● Stored items
BEGIN
Lemma sum_antipode_last (U : lmodType k) (G : A -> A -> A -> U) z : lin3 G ->
  \sum_(p <- D z) \sum_(q <- D (S p.1)) \sum_(a <- D p.2) \sum_(b <- D a.2)
     G (q.1 * a.1) (q.2 * b.1) b.2 = G 1 1 z.
Proof.
move=> hG; setoid_rewrite (sum_coassl hH); try side; rewrite /=.
under eq_bigr => p _ do rewrite exchange_big.
under eq_bigr => p _ do under eq_bigr => a _ do
  [rewrite -(sum_copM hH (G := fun r => G r.1 r.2 a.2)); last by lin].
rewrite (sum_coassl hH); try side; rewrite /=.
under eq_bigr => p _ do
  [rewrite (sum_antipodel hH (F := fun w => \sum_(r <- D w) G r.1 r.2 p.2)); last by lin].
setoid_rewrite (sum_cop1 hH); try side; rewrite /=.
by rewrite (sum_counitl hH (G := fun p => G 1 1 p.2)) //; lin.
Qed.

(* [L x y z] represents the image of [x (x) y (x) z] under a linear
   endomorphism of [A (x) A (x) A] that is multiplicative. *)
Record mult_trilinear (L : A -> A -> A -> seq (A * A * A)) : Prop := {
  mult_trilinear_lin : forall (U : lmodType k) (f : A -> A -> A -> U), lin3 f ->
    lin3 (fun x y z => \sum_(w <- L x y z) f w.1.1 w.1.2 w.2);
  mult_trilinear_mul : forall (U : lmodType k) (f : A -> A -> A -> U), lin3 f ->
    forall x x' y y' z z',
    \sum_(w <- L (x * x') (y * y') (z * z')) f w.1.1 w.1.2 w.2 =
    \sum_(w <- L x y z) \sum_(w' <- L x' y' z')
       f (w.1.1 * w'.1.1) (w.1.2 * w'.1.2) (w.2 * w'.2) }.

Definition tri_comp (L M : A -> A -> A -> seq (A * A * A)) x y z : seq (A * A * A) :=
  bind (L x y z) (fun w => M w.1.1 w.1.2 w.2).

Lemma mult_trilinear_comp L M :
  mult_trilinear L -> mult_trilinear M -> mult_trilinear (tri_comp L M).
Proof.
move=> hL hM; have big_comp (U : lmodType k) (f : A -> A -> A -> U) x y z :
    \sum_(w <- tri_comp L M x y z) f w.1.1 w.1.2 w.2 =
    \sum_(u <- L x y z) \sum_(w <- M u.1.1 u.1.2 u.2) f w.1.1 w.1.2 w.2.
  exact: big_bind.
split=> U f hf.
  have [h1 h2 h3] := mult_trilinear_lin hL (mult_trilinear_lin hM hf).
  by split=> ? ? ? ? ?; rewrite !big_comp; [apply: h1 | apply: h2 | apply: h3].
move=> x x' y y' z z'; rewrite big_comp (mult_trilinear_mul hL (mult_trilinear_lin hM hf)).
setoid_rewrite (mult_trilinear_mul hM hf).
rewrite /tri_comp big_bind; setoid_rewrite (@big_bind U).
by under [RHS]eq_bigr => u _ do rewrite exchange_big.
Qed.

Section Generators.
Variable L : A -> A -> A -> seq (A * A * A).
Hypothesis hL : mult_trilinear L.
Variables (U : lmodType k) (f : A -> A -> A -> U).
Hypothesis hf : lin3 f.

Lemma mult_trilinear_split x y z :
  \sum_(w <- L x y z) f w.1.1 w.1.2 w.2 =
  \sum_(w <- L x 1 1) \sum_(w' <- L 1 y 1) \sum_(w'' <- L 1 1 z)
     f (w.1.1 * w'.1.1 * w''.1.1) (w.1.2 * w'.1.2 * w''.1.2) (w.2 * w'.2 * w''.2).
Proof.
have -> : L x y z = L ((x * 1) * 1) ((1 * y) * 1) ((1 * 1) * z) by rewrite !mulr1 !mul1r.
rewrite (mult_trilinear_mul hL hf).
rewrite (mult_trilinear_mul hL (f := fun a b c => \sum_(w' <- L 1 1 z)
  f (a * w'.1.1) (b * w'.1.2) (c * w'.2))); last by lin.
by do 3 (apply: eq_bigr => ? _).
Qed.

Lemma mult_trilinear_mid y :
  \sum_(w <- L 1 y 1) f w.1.1 w.1.2 w.2 =
  \sum_(p <- D y) \sum_(q <- D p.2) \sum_(w <- L (S p.1) 1 1) \sum_(w' <- L q.1 q.2 1)
     f (w.1.1 * w'.1.1) (w.1.2 * w'.1.2) (w.2 * w'.2).
Proof.
rewrite -(sum_antipode_mid (G := fun a b c => \sum_(w <- L a b c) f w.1.1 w.1.2 w.2));
  last exact: mult_trilinear_lin.
apply: eq_bigr => p _; apply: eq_bigr => q _.
by rewrite -(mult_trilinear_mul hL hf) !mul1r.
Qed.

Lemma mult_trilinear_last z :
  \sum_(w <- L 1 1 z) f w.1.1 w.1.2 w.2 =
  \sum_(p <- D z) \sum_(q <- D (S p.1)) \sum_(w <- L q.1 q.2 1)
    \sum_(a <- D p.2) \sum_(b <- D a.2) \sum_(w' <- L a.1 b.1 b.2)
     f (w.1.1 * w'.1.1) (w.1.2 * w'.1.2) (w.2 * w'.2).
Proof.
rewrite -(sum_antipode_last (G := fun a b c => \sum_(w <- L a b c) f w.1.1 w.1.2 w.2));
  last exact: mult_trilinear_lin.
apply: eq_bigr => p _; apply: eq_bigr => q _.
rewrite exchange_big; apply: eq_bigr => a _; rewrite exchange_big; apply: eq_bigr => b _.
by rewrite -(mult_trilinear_mul hL hf) mul1r.
Qed.

End Generators.

Section Extensionality.
Variables L1 L2 : A -> A -> A -> seq (A * A * A).
Hypothesis hL1 : mult_trilinear L1.
Hypothesis hL2 : mult_trilinear L2.
Hypothesis eq_x11 : forall (U : lmodType k) (f : A -> A -> A -> U), lin3 f -> forall x,
  \sum_(w <- L1 x 1 1) f w.1.1 w.1.2 w.2 = \sum_(w <- L2 x 1 1) f w.1.1 w.1.2 w.2.
Hypothesis eq_cop : forall (U : lmodType k) (f : A -> A -> A -> U), lin3 f -> forall g,
  \sum_(q <- D g) \sum_(w <- L1 q.1 q.2 1) f w.1.1 w.1.2 w.2 =
  \sum_(q <- D g) \sum_(w <- L2 q.1 q.2 1) f w.1.1 w.1.2 w.2.
Hypothesis eq_cop3 : forall (U : lmodType k) (f : A -> A -> A -> U), lin3 f -> forall h,
  \sum_(p <- D h) \sum_(q <- D p.2) \sum_(w <- L1 p.1 q.1 q.2) f w.1.1 w.1.2 w.2 =
  \sum_(p <- D h) \sum_(q <- D p.2) \sum_(w <- L2 p.1 q.1 q.2) f w.1.1 w.1.2 w.2.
END
Write the whole of the data out again exactly as it stands.

● REPLY
Lemma sum_antipode_last (U : lmodType k) (G : A -> A -> A -> U) z : lin3 G ->
  \sum_(p <- D z) \sum_(q <- D (S p.1)) \sum_(a <- D p.2) \sum_(b <- D a.2)
     G (q.1 * a.1) (q.2 * b.1) b.2 = G 1 1 z.
Proof.
move=> hG; setoid_rewrite (sum_coassl hH); try side; rewrite /=.
under eq_bigr => p _ do rewrite exchange_big.
under eq_bigr => p _ do under eq_bigr => a _ do
  [rewrite -(sum_copM hH (G := fun r => G r.1 r.2 a.2)); last by lin].
rewrite (sum_coassl hH); try side; rewrite /=.
under eq_bigr => p _ do
  [rewrite (sum_antipodel hH (F := fun w => \sum_(r <- D w) G r.1 r.2 p.2)); last by lin].
setoid_rewrite (sum_cop1 hH); try side; rewrite /=.
by rewrite (sum_counitl hH (G := fun p => G 1 1 p.2)) //; lin.
Qed.

(* [L x y z] represents the image of [x (x) y (x) z] under a linear
   endomorphism of [A (x) A (x) A] that is multiplicative. *)
Record mult_trilinear (L : A -> A -> A -> seq (A * A * A)) : Prop := {
  mult_trilinear_lin : forall (U : lmodType k) (f : A -> A -> A -> U), lin3 f ->
    lin3 (fun x y z => \sum_(w <- L x y z) f w.1.1 w.1.2 w.2);
  mult_trilinear_mul : forall (U : lmodType k) (f : A -> A -> A -> U), lin3 f ->
    forall x x' y y' z z',
    \sum_(w <- L (x * x') (y * y') (z * z')) f w.1.1 w.1.2 w.2 =
    \sum_(w <- L x y z) \sum_(w' <- L x' y' z')
       f (w.1.1 * w'.1.1) (w.1.2 * w'.1.2) (w.2 * w'.2) }.

Definition tri_comp (L M : A -> A -> A -> seq (A * A * A)) x y z : seq (A * A * A) :=
  bind (L x y z) (fun w => M w.1.1 w.1.2 w.2).

Lemma mult_trilinear_comp L M :
  mult_trilinear L -> mult_trilinear M -> mult_trilinear (tri_comp L M).
Proof.
move=> hL hM; have big_comp (U : lmodType k) (f : A -> A -> A -> U) x y z :
    \sum_(w <- tri_comp L M x y z) f w.1.1 w.1.2 w.2 =
    \sum_(u <- L x y z) \sum_(w <- M u.1.1 u.1.2 u.2) f w.1.1 w.1.2 w.2.
  exact: big_bind.
split=> U f hf.
  have [h1 h2 h3] := mult_trilinear_lin hL (mult_trilinear_lin hM hf).
  by split=> ? ? ? ? ?; rewrite !big_comp; [apply: h1 | apply: h2 | apply: h3].
move=> x x' y y' z z'; rewrite big_comp (mult_trilinear_mul hL (mult_trilinear_lin hM hf)).
setoid_rewrite (mult_trilinear_mul hM hf).
rewrite /tri_comp big_bind; setoid_rewrite (@big_bind U).
by under [RHS]eq_bigr => u _ do rewrite exchange_big.
Qed.

Section Generators.
Variable L : A -> A -> A -> seq (A * A * A).
Hypothesis hL : mult_trilinear L.
Variables (U : lmodType k) (f : A -> A -> A -> U).
Hypothesis hf : lin3 f.

Lemma mult_trilinear_split x y z :
  \sum_(w <- L x y z) f w.1.1 w.1.2 w.2 =
  \sum_(w <- L x 1 1) \sum_(w' <- L 1 y 1) \sum_(w'' <- L 1 1 z)
     f (w.1.1 * w'.1.1 * w''.1.1) (w.1.2 * w'.1.2 * w''.1.2) (w.2 * w'.2 * w''.2).
Proof.
have -> : L x y z = L ((x * 1) * 1) ((1 * y) * 1) ((1 * 1) * z) by rewrite !mulr1 !mul1r.
rewrite (mult_trilinear_mul hL hf).
rewrite (mult_trilinear_mul hL (f := fun a b c => \sum_(w' <- L 1 1 z)
  f (a * w'.1.1) (b * w'.1.2) (c * w'.2))); last by lin.
by do 3 (apply: eq_bigr => ? _).
Qed.

Lemma mult_trilinear_mid y :
  \sum_(w <- L 1 y 1) f w.1.1 w.1.2 w.2 =
  \sum_(p <- D y) \sum_(q <- D p.2) \sum_(w <- L (S p.1) 1 1) \sum_(w' <- L q.1 q.2 1)
     f (w.1.1 * w'.1.1) (w.1.2 * w'.1.2) (w.2 * w'.2).
Proof.
rewrite -(sum_antipode_mid (G := fun a b c => \sum_(w <- L a b c) f w.1.1 w.1.2 w.2));
  last exact: mult_trilinear_lin.
apply: eq_bigr => p _; apply: eq_bigr => q _.
by rewrite -(mult_trilinear_mul hL hf) !mul1r.
Qed.

Lemma mult_trilinear_last z :
  \sum_(w <- L 1 1 z) f w.1.1 w.1.2 w.2 =
  \sum_(p <- D z) \sum_(q <- D (S p.1)) \sum_(w <- L q.1 q.2 1)
    \sum_(a <- D p.2) \sum_(b <- D a.2) \sum_(w' <- L a.1 b.1 b.2)
     f (w.1.1 * w'.1.1) (w.1.2 * w'.1.2) (w.2 * w'.2).
Proof.
rewrite -(sum_antipode_last (G := fun a b c => \sum_(w <- L a b c) f w.1.1 w.1.2 w.2));
  last exact: mult_trilinear_lin.
apply: eq_bigr => p _; apply: eq_bigr => q _.
rewrite exchange_big; apply: eq_bigr => a _; rewrite exchange_big; apply: eq_bigr => b _.
by rewrite -(mult_trilinear_mul hL hf) mul1r.
Qed.

End Generators.

Section Extensionality.
Variables L1 L2 : A -> A -> A -> seq (A * A * A).
Hypothesis hL1 : mult_trilinear L1.
Hypothesis hL2 : mult_trilinear L2.
Hypothesis eq_x11 : forall (U : lmodType k) (f : A -> A -> A -> U), lin3 f -> forall x,
  \sum_(w <- L1 x 1 1) f w.1.1 w.1.2 w.2 = \sum_(w <- L2 x 1 1) f w.1.1 w.1.2 w.2.
Hypothesis eq_cop : forall (U : lmodType k) (f : A -> A -> A -> U), lin3 f -> forall g,
  \sum_(q <- D g) \sum_(w <- L1 q.1 q.2 1) f w.1.1 w.1.2 w.2 =
  \sum_(q <- D g) \sum_(w <- L2 q.1 q.2 1) f w.1.1 w.1.2 w.2.
Hypothesis eq_cop3 : forall (U : lmodType k) (f : A -> A -> A -> U), lin3 f -> forall h,
  \sum_(p <- D h) \sum_(q <- D p.2) \sum_(w <- L1 p.1 q.1 q.2) f w.1.1 w.1.2 w.2 =
  \sum_(p <- D h) \sum_(q <- D p.2) \sum_(w <- L2 p.1 q.1 q.2) f w.1.1 w.1.2 w.2.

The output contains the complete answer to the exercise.